ABOUT THIS TASK: In the material below, find the line that contains "by have /andP[/(lt_trans" and the line that contains "have q_gt0 : (0", then write out exactly those two lines and everything between them.

DATA IN THIS EXERCISE:
==========

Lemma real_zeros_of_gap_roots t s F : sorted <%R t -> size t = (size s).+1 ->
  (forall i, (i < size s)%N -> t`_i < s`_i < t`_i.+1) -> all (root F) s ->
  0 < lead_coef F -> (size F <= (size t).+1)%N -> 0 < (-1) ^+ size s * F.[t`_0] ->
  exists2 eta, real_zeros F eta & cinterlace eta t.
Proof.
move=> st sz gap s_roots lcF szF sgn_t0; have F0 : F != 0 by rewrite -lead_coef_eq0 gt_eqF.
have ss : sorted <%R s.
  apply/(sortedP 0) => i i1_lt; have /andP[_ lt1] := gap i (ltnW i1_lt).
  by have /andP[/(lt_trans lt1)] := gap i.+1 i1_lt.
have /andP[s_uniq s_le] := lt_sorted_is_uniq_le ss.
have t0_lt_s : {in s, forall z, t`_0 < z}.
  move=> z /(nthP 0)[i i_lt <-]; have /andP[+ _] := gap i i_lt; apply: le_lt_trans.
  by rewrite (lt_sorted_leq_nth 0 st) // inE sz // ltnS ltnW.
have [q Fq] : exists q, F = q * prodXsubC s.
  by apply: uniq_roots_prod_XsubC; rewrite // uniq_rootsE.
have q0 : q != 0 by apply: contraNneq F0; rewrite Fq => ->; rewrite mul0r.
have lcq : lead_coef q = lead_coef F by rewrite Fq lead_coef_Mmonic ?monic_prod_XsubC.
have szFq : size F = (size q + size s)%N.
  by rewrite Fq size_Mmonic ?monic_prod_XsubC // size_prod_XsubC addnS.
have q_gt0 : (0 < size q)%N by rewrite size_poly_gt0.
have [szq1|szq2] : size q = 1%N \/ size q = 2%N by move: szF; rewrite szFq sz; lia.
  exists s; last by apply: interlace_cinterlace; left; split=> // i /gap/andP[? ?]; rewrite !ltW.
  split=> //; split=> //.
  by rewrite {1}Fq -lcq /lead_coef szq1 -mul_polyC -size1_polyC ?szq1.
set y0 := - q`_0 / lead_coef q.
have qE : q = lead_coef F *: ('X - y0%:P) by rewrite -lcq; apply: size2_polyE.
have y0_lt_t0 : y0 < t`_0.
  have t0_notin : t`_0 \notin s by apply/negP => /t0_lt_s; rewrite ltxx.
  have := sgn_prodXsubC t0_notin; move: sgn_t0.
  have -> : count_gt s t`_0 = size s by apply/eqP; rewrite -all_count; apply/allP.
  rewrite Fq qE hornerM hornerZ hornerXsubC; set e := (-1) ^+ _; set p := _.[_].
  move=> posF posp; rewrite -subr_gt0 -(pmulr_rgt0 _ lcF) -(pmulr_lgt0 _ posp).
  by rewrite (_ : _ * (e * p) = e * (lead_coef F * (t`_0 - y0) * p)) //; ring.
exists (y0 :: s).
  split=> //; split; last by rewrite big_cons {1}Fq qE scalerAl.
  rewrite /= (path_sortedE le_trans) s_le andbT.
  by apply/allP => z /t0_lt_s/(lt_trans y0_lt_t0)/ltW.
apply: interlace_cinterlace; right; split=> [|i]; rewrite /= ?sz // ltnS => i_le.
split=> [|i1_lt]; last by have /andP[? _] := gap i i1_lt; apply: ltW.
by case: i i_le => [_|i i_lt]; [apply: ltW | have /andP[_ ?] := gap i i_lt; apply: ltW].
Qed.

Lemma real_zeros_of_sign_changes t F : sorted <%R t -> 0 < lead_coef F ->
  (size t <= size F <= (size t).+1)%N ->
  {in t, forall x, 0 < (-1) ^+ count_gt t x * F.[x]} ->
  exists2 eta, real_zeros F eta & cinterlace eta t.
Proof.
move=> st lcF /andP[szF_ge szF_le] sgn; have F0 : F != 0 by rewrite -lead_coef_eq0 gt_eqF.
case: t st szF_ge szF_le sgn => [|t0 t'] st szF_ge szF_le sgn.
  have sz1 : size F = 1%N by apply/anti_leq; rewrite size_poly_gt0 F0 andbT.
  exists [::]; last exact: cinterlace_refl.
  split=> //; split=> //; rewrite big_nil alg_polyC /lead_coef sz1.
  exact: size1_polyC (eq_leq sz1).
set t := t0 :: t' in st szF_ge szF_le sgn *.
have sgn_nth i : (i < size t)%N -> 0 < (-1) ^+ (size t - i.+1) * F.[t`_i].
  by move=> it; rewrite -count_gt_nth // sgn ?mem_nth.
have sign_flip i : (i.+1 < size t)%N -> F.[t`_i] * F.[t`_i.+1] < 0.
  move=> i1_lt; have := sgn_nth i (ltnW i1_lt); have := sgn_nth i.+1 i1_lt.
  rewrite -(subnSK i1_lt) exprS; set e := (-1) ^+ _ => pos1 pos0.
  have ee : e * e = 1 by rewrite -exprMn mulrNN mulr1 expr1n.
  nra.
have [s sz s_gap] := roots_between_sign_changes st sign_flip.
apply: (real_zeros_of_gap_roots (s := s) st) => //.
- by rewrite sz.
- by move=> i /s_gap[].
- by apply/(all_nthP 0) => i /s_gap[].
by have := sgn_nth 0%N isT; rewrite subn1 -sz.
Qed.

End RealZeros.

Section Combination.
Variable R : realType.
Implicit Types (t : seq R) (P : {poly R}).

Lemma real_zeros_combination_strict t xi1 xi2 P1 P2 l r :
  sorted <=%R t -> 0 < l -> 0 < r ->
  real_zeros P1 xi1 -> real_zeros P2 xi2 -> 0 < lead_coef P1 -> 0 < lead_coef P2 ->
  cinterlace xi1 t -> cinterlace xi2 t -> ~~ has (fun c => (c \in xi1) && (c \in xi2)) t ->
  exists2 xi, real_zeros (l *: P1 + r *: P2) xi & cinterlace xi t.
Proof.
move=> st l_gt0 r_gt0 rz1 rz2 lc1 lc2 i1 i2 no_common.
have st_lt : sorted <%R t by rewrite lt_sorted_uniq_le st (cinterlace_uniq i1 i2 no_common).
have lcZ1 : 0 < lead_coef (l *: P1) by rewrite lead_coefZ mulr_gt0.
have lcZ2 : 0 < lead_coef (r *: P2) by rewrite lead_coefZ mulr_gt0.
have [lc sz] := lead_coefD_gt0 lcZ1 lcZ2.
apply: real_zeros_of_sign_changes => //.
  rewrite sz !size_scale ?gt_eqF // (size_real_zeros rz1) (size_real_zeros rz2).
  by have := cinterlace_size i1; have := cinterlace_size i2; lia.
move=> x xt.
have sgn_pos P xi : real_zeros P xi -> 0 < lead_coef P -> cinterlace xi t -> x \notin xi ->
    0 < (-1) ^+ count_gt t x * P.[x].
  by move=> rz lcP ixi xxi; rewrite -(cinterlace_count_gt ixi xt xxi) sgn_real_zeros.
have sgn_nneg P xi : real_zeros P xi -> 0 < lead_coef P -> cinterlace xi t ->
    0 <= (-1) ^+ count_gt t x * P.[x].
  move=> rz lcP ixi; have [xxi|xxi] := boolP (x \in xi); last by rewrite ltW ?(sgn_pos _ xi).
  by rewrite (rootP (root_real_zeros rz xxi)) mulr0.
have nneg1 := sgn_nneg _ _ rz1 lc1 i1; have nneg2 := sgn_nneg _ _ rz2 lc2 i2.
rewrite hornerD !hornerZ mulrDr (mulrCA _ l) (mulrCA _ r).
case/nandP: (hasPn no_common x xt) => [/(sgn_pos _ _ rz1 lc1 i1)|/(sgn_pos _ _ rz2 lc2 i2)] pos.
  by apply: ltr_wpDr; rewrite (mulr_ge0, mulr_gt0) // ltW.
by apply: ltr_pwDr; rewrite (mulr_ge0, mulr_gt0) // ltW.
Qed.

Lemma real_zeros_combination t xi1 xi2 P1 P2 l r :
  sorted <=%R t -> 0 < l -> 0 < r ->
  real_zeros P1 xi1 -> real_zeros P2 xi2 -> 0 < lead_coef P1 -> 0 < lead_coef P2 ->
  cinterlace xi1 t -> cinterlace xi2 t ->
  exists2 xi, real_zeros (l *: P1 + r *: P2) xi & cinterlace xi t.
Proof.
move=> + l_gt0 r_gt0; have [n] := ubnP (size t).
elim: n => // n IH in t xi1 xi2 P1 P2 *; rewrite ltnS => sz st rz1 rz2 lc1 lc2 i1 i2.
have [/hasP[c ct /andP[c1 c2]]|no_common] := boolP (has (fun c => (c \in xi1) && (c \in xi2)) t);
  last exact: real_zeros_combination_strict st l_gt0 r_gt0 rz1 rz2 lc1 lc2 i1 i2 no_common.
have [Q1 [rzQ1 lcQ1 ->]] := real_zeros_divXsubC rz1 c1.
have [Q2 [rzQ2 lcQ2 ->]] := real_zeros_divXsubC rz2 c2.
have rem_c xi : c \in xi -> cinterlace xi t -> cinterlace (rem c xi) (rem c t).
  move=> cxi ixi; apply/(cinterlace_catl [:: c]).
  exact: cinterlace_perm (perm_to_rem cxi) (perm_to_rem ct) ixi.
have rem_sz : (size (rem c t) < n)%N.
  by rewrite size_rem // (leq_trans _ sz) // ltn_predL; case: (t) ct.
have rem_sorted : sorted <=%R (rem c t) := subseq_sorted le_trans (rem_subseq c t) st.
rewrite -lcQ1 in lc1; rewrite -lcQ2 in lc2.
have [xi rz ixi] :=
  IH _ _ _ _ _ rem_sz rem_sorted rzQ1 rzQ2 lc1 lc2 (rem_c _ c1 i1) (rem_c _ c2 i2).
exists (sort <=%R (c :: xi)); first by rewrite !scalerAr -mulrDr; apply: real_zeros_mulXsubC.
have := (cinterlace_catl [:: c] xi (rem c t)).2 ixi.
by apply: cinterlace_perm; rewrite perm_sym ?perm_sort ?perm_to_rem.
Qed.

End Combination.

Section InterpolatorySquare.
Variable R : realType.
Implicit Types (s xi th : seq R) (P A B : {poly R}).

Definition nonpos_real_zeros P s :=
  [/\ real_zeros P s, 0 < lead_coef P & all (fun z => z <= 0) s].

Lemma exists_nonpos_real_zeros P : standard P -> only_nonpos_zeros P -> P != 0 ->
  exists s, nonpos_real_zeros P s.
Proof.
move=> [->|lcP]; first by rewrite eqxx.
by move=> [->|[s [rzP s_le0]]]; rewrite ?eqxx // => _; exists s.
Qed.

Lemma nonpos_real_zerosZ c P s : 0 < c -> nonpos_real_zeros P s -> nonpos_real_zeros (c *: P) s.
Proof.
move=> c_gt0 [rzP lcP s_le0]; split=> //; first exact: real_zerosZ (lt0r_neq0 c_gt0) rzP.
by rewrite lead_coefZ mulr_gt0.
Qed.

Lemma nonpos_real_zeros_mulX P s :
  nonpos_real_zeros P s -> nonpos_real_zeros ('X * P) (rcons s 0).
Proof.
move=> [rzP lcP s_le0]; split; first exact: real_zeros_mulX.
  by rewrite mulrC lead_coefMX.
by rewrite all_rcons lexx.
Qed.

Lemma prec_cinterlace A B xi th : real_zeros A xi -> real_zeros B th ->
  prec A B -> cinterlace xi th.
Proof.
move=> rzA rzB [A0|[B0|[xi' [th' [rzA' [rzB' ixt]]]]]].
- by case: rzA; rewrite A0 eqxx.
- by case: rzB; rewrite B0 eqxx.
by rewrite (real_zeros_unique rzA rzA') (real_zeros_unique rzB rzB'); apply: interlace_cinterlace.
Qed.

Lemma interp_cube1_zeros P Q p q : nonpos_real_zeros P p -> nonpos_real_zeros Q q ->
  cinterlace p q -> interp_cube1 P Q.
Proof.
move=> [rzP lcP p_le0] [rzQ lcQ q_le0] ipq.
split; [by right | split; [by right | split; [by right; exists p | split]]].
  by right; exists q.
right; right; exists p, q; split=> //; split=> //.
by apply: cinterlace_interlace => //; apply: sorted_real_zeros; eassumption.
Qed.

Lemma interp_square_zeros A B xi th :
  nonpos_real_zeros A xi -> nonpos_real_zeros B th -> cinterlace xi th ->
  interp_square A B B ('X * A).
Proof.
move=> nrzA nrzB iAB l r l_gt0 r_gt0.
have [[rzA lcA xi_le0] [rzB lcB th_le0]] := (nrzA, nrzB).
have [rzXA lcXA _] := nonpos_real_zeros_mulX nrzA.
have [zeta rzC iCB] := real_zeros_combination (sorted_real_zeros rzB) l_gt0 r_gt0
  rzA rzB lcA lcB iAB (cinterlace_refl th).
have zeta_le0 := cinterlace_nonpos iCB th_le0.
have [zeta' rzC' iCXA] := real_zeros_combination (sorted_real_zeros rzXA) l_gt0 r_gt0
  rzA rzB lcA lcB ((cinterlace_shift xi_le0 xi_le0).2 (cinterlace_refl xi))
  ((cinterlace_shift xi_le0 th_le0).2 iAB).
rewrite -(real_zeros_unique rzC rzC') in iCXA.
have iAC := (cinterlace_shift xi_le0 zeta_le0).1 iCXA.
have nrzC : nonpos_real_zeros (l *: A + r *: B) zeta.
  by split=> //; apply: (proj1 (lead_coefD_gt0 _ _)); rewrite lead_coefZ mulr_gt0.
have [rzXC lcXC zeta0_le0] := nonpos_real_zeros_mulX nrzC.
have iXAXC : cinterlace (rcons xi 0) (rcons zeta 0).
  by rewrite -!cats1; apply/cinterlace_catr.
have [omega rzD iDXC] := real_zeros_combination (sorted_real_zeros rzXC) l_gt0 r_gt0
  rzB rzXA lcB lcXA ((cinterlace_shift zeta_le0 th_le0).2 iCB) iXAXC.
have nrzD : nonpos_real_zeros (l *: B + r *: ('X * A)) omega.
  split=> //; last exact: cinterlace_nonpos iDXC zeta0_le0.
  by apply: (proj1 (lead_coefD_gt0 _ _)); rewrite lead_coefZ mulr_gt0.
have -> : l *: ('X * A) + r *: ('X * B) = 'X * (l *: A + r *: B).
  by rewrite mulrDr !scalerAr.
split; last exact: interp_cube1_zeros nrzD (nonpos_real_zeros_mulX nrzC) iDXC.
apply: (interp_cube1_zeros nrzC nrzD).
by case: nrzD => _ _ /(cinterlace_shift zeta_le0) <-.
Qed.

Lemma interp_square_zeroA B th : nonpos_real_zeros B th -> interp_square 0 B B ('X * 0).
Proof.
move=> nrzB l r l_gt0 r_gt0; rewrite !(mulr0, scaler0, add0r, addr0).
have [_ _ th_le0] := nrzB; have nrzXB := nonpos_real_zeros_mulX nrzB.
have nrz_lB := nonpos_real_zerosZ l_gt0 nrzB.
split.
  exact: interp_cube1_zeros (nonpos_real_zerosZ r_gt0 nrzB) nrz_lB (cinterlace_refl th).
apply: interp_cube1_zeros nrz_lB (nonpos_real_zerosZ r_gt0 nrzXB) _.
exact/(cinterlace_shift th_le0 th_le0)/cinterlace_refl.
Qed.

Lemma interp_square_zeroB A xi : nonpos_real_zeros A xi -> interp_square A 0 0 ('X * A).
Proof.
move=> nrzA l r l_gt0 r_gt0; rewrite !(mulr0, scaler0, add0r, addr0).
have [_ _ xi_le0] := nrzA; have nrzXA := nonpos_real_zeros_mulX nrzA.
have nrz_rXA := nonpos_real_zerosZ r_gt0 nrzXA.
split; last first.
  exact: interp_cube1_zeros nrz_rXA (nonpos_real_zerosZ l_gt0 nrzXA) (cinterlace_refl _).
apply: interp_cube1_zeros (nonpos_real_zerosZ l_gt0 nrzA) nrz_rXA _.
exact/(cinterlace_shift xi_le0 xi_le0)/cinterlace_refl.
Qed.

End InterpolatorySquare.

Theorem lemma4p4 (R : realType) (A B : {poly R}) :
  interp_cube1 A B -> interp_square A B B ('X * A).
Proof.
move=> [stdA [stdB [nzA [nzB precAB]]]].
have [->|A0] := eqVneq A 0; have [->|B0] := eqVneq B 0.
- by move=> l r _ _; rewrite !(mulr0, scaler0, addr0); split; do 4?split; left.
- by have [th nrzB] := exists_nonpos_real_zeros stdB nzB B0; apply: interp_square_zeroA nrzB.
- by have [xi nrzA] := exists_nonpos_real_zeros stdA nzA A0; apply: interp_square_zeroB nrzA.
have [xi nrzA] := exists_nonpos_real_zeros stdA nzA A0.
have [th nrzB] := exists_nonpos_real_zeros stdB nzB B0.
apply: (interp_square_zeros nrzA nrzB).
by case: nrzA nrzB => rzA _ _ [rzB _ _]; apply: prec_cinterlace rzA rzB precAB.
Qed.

==========

OUTPUT OF THE EXERCISE:
  by have /andP[/(lt_trans lt1)] := gap i.+1 i1_lt.
have /andP[s_uniq s_le] := lt_sorted_is_uniq_le ss.
have t0_lt_s : {in s, forall z, t`_0 < z}.
  move=> z /(nthP 0)[i i_lt <-]; have /andP[+ _] := gap i i_lt; apply: le_lt_trans.
  by rewrite (lt_sorted_leq_nth 0 st) // inE sz // ltnS ltnW.
have [q Fq] : exists q, F = q * prodXsubC s.
  by apply: uniq_roots_prod_XsubC; rewrite // uniq_rootsE.
have q0 : q != 0 by apply: contraNneq F0; rewrite Fq => ->; rewrite mul0r.
have lcq : lead_coef q = lead_coef F by rewrite Fq lead_coef_Mmonic ?monic_prod_XsubC.
have szFq : size F = (size q + size s)%N.
  by rewrite Fq size_Mmonic ?monic_prod_XsubC // size_prod_XsubC addnS.
have q_gt0 : (0 < size q)%N by rewrite size_poly_gt0.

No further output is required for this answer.